Dataset records

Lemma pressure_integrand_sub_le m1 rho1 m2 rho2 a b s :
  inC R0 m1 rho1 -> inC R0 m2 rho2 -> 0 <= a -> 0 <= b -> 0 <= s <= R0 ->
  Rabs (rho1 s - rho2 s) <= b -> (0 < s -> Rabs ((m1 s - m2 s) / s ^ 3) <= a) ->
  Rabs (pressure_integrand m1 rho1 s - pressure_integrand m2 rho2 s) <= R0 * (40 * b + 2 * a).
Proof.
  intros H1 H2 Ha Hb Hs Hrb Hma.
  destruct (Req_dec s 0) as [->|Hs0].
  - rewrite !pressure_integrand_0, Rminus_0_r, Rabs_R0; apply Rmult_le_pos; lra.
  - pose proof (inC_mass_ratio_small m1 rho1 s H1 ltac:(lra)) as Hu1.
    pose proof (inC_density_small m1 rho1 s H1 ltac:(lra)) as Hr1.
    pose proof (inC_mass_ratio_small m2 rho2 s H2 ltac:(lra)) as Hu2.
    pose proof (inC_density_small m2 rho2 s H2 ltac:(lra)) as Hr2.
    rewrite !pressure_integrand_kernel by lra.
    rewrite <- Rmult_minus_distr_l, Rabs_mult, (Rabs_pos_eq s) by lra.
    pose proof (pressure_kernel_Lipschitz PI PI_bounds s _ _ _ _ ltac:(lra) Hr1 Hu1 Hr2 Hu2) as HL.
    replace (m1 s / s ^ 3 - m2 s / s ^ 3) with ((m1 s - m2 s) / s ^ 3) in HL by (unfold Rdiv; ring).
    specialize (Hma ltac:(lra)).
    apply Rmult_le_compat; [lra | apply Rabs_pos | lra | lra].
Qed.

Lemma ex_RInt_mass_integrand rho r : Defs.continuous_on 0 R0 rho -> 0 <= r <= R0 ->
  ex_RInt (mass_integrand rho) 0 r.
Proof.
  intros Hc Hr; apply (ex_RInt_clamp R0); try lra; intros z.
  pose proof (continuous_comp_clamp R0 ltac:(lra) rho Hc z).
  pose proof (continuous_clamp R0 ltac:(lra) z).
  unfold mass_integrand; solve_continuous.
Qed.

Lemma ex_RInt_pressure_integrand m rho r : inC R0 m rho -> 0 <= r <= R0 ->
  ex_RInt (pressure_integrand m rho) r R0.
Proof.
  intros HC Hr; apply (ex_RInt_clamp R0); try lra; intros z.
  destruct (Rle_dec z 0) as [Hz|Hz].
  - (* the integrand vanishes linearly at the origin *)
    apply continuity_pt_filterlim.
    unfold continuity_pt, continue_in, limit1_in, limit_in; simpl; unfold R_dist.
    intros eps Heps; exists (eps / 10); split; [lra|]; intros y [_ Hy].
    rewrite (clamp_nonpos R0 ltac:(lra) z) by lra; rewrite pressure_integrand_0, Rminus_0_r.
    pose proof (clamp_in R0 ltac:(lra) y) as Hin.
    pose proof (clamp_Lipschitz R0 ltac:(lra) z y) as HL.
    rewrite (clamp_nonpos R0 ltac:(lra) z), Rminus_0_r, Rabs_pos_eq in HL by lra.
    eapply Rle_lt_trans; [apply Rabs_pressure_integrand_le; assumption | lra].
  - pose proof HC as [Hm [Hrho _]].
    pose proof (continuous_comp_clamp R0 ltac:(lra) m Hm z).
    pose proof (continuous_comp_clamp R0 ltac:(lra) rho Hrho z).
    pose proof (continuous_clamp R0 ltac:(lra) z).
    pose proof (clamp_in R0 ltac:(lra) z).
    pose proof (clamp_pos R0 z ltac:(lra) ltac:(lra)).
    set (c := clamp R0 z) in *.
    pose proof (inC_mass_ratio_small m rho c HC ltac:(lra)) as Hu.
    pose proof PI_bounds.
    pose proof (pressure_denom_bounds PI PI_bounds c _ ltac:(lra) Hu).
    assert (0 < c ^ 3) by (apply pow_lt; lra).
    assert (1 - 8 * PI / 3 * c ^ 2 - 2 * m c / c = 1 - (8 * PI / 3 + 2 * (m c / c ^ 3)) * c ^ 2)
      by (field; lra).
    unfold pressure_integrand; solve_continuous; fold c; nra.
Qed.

...

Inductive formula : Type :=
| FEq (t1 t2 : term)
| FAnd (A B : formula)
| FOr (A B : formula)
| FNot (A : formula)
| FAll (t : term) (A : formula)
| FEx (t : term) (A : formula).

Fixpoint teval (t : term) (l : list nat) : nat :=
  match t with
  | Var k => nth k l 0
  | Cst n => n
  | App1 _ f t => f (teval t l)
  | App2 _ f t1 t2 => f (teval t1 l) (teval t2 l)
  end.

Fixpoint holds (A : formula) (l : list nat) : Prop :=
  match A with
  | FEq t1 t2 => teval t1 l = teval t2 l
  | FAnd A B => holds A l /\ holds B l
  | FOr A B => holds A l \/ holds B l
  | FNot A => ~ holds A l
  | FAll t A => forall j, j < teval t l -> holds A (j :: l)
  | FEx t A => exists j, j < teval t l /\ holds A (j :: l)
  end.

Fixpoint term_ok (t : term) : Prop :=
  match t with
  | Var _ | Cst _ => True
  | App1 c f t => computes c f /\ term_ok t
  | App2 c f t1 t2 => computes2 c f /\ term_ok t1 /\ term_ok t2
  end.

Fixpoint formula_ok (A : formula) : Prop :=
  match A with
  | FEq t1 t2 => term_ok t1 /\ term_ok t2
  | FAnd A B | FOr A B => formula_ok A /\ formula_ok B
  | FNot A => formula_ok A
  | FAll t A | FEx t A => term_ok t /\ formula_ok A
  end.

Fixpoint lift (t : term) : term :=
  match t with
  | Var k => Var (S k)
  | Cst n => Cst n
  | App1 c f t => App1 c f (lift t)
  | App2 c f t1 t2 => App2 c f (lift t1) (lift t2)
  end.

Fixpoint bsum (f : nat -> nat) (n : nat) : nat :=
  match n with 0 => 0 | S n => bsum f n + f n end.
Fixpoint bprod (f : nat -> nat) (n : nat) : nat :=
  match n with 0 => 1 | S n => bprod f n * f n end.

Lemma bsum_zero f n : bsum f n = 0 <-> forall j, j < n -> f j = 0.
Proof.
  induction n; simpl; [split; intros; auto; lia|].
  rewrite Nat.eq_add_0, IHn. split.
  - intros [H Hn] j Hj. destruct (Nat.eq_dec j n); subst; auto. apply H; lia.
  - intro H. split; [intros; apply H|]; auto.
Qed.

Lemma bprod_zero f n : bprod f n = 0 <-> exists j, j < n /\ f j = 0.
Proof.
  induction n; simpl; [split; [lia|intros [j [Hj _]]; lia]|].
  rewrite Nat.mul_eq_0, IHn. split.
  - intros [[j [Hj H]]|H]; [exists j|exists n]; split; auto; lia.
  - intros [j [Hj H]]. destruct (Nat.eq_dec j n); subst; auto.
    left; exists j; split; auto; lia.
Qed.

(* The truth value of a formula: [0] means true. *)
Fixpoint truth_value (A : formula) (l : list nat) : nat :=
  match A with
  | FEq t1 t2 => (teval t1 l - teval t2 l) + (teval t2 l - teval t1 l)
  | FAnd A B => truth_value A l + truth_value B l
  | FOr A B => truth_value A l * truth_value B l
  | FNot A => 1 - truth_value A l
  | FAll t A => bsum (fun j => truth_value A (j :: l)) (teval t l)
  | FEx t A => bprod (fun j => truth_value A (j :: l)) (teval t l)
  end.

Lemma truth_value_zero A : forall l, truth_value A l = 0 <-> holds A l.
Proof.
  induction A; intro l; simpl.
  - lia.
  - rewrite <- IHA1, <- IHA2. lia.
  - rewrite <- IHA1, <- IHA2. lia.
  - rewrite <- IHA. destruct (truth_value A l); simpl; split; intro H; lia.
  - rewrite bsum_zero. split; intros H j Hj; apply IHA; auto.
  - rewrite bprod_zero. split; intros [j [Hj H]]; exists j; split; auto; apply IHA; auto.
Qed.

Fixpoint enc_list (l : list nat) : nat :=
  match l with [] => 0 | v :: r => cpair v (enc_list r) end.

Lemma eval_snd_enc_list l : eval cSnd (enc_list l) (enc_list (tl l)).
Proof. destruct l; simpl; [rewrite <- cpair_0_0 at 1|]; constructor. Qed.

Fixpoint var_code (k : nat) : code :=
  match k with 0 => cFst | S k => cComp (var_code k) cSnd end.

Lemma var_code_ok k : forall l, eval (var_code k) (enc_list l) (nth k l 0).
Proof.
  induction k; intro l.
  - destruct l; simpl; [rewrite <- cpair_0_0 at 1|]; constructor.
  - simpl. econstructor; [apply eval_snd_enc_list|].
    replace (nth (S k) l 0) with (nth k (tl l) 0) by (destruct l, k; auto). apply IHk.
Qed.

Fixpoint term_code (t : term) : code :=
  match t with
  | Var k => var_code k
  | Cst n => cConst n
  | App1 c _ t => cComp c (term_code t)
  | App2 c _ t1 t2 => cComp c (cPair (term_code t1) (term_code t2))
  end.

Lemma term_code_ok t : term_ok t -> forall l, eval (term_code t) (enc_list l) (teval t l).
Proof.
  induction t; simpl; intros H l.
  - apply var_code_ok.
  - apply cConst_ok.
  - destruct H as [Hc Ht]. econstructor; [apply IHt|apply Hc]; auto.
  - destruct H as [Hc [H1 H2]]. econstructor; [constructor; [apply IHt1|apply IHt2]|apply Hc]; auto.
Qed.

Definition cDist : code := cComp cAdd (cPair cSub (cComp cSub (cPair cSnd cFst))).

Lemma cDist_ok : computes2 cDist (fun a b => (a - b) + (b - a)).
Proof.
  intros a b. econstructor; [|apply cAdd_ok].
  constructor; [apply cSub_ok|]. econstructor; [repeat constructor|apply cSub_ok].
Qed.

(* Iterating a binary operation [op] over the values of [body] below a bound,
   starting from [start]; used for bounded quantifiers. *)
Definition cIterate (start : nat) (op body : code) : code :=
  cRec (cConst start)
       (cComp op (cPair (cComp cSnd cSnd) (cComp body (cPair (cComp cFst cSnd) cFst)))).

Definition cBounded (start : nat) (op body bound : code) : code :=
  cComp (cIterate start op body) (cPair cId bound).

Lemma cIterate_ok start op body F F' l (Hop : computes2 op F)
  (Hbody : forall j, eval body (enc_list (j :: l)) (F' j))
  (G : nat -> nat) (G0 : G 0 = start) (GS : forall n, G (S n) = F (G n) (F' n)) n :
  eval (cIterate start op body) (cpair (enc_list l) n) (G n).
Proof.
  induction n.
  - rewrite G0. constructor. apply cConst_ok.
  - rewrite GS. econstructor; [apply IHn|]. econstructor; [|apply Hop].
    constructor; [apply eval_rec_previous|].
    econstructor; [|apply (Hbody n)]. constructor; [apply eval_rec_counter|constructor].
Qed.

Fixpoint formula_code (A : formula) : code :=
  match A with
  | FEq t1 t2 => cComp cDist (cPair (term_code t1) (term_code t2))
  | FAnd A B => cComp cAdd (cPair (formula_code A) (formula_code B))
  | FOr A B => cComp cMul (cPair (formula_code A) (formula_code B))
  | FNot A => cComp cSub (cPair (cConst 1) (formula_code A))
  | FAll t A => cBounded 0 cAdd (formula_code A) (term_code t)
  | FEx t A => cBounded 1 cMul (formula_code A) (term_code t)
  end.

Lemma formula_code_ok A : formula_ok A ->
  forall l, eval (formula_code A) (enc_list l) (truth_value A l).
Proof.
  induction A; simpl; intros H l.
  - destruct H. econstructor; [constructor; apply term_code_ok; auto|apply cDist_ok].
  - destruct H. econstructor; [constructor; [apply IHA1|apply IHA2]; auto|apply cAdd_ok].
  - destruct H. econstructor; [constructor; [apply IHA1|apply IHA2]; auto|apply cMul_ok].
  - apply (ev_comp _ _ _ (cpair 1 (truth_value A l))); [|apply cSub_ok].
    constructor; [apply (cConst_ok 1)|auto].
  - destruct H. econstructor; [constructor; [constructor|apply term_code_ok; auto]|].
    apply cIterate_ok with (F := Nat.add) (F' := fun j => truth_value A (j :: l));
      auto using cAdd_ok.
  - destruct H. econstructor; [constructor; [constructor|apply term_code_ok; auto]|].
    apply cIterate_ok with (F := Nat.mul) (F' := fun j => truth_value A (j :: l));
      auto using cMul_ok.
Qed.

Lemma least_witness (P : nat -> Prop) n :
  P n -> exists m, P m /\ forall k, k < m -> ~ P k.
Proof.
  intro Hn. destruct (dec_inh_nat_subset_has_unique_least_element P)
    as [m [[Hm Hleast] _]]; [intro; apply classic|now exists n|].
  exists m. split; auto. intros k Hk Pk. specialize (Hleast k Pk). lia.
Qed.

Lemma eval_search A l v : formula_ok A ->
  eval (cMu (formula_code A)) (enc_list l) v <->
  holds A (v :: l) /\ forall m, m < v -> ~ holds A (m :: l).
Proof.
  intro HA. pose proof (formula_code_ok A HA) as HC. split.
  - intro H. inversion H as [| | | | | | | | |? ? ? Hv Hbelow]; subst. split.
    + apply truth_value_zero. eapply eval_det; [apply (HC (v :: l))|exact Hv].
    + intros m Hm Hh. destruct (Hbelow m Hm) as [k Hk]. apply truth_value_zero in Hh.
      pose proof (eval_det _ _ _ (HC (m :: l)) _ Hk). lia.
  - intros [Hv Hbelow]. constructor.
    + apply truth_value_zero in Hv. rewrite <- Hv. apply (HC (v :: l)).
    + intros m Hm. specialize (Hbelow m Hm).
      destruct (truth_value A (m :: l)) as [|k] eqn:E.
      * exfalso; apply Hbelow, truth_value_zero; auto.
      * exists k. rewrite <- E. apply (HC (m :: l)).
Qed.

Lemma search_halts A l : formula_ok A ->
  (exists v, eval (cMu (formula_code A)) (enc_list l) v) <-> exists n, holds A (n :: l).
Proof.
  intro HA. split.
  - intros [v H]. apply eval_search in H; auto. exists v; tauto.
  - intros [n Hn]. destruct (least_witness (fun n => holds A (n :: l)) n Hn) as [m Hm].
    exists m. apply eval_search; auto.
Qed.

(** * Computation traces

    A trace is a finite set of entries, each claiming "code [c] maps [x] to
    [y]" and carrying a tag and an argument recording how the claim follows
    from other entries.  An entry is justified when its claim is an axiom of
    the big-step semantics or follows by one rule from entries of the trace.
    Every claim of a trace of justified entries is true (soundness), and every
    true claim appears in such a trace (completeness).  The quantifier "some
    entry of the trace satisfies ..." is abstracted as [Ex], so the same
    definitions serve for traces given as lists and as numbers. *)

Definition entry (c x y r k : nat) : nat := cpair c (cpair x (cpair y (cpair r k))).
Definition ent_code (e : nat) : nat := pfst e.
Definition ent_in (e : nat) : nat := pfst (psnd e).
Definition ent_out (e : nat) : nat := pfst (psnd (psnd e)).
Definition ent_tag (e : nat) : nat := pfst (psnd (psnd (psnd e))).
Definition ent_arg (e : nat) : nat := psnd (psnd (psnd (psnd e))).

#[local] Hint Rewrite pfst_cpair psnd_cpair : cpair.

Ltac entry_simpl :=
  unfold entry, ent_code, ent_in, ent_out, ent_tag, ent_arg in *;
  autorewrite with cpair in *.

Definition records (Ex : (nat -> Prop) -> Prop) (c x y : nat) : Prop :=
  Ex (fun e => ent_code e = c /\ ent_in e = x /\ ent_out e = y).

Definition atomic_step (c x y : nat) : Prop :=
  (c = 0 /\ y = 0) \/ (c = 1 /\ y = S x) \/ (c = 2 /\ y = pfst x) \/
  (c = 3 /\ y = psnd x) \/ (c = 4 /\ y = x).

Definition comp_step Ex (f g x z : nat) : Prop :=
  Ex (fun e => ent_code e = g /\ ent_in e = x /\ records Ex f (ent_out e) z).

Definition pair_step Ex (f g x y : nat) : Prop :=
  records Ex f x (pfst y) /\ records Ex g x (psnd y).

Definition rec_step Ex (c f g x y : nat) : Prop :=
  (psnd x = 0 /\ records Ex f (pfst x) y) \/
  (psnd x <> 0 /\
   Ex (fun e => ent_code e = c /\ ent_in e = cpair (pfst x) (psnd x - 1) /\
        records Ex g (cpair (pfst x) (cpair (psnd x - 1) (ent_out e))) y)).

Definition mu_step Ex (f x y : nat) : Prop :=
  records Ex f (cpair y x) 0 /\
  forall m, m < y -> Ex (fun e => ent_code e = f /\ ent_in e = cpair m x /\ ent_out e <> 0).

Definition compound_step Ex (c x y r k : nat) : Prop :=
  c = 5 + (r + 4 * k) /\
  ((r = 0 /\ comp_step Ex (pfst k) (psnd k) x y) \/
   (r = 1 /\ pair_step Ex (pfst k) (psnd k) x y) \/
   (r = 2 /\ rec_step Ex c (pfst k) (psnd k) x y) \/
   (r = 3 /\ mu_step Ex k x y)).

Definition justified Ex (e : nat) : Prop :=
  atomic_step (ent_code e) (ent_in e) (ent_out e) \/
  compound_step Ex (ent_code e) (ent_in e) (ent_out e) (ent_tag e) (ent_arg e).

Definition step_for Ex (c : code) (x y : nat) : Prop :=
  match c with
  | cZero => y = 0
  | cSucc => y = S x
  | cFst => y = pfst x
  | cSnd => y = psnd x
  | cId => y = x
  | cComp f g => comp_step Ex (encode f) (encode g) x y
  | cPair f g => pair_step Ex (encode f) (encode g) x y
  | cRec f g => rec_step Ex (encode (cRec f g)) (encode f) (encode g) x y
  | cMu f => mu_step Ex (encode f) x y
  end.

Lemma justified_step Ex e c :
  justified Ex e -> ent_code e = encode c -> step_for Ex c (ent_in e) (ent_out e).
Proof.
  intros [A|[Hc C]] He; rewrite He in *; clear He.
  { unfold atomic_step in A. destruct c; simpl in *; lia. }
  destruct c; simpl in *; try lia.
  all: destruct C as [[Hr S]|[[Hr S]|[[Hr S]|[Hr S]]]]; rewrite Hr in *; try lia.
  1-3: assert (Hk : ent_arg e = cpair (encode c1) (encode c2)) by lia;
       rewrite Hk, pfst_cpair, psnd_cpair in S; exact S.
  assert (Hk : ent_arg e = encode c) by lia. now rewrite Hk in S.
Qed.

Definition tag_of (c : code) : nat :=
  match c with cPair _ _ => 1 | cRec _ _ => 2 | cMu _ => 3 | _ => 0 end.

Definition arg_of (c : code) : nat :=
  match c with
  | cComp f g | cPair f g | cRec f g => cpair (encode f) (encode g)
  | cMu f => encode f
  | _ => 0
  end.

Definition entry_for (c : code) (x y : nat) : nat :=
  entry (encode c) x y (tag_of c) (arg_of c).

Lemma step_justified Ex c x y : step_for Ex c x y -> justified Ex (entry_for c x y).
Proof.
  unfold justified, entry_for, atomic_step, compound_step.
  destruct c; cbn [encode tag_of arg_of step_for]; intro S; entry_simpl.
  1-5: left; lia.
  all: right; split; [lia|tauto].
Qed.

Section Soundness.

**ASSIGNED TASK:** Above are the entries. Quote exactly the lines from the one bearing "constructor; [apply eval_rec_previous|]." through the one bearing "cMul (cPair (formula_code A) (formula_code B))".

**RESPONSE FOR THIS EXERCISE:**
    constructor; [apply eval_rec_previous|].
    econstructor; [|apply (Hbody n)]. constructor; [apply eval_rec_counter|constructor].
Qed.

Fixpoint formula_code (A : formula) : code :=
  match A with
  | FEq t1 t2 => cComp cDist (cPair (term_code t1) (term_code t2))
  | FAnd A B => cComp cAdd (cPair (formula_code A) (formula_code B))
  | FOr A B => cComp cMul (cPair (formula_code A) (formula_code B))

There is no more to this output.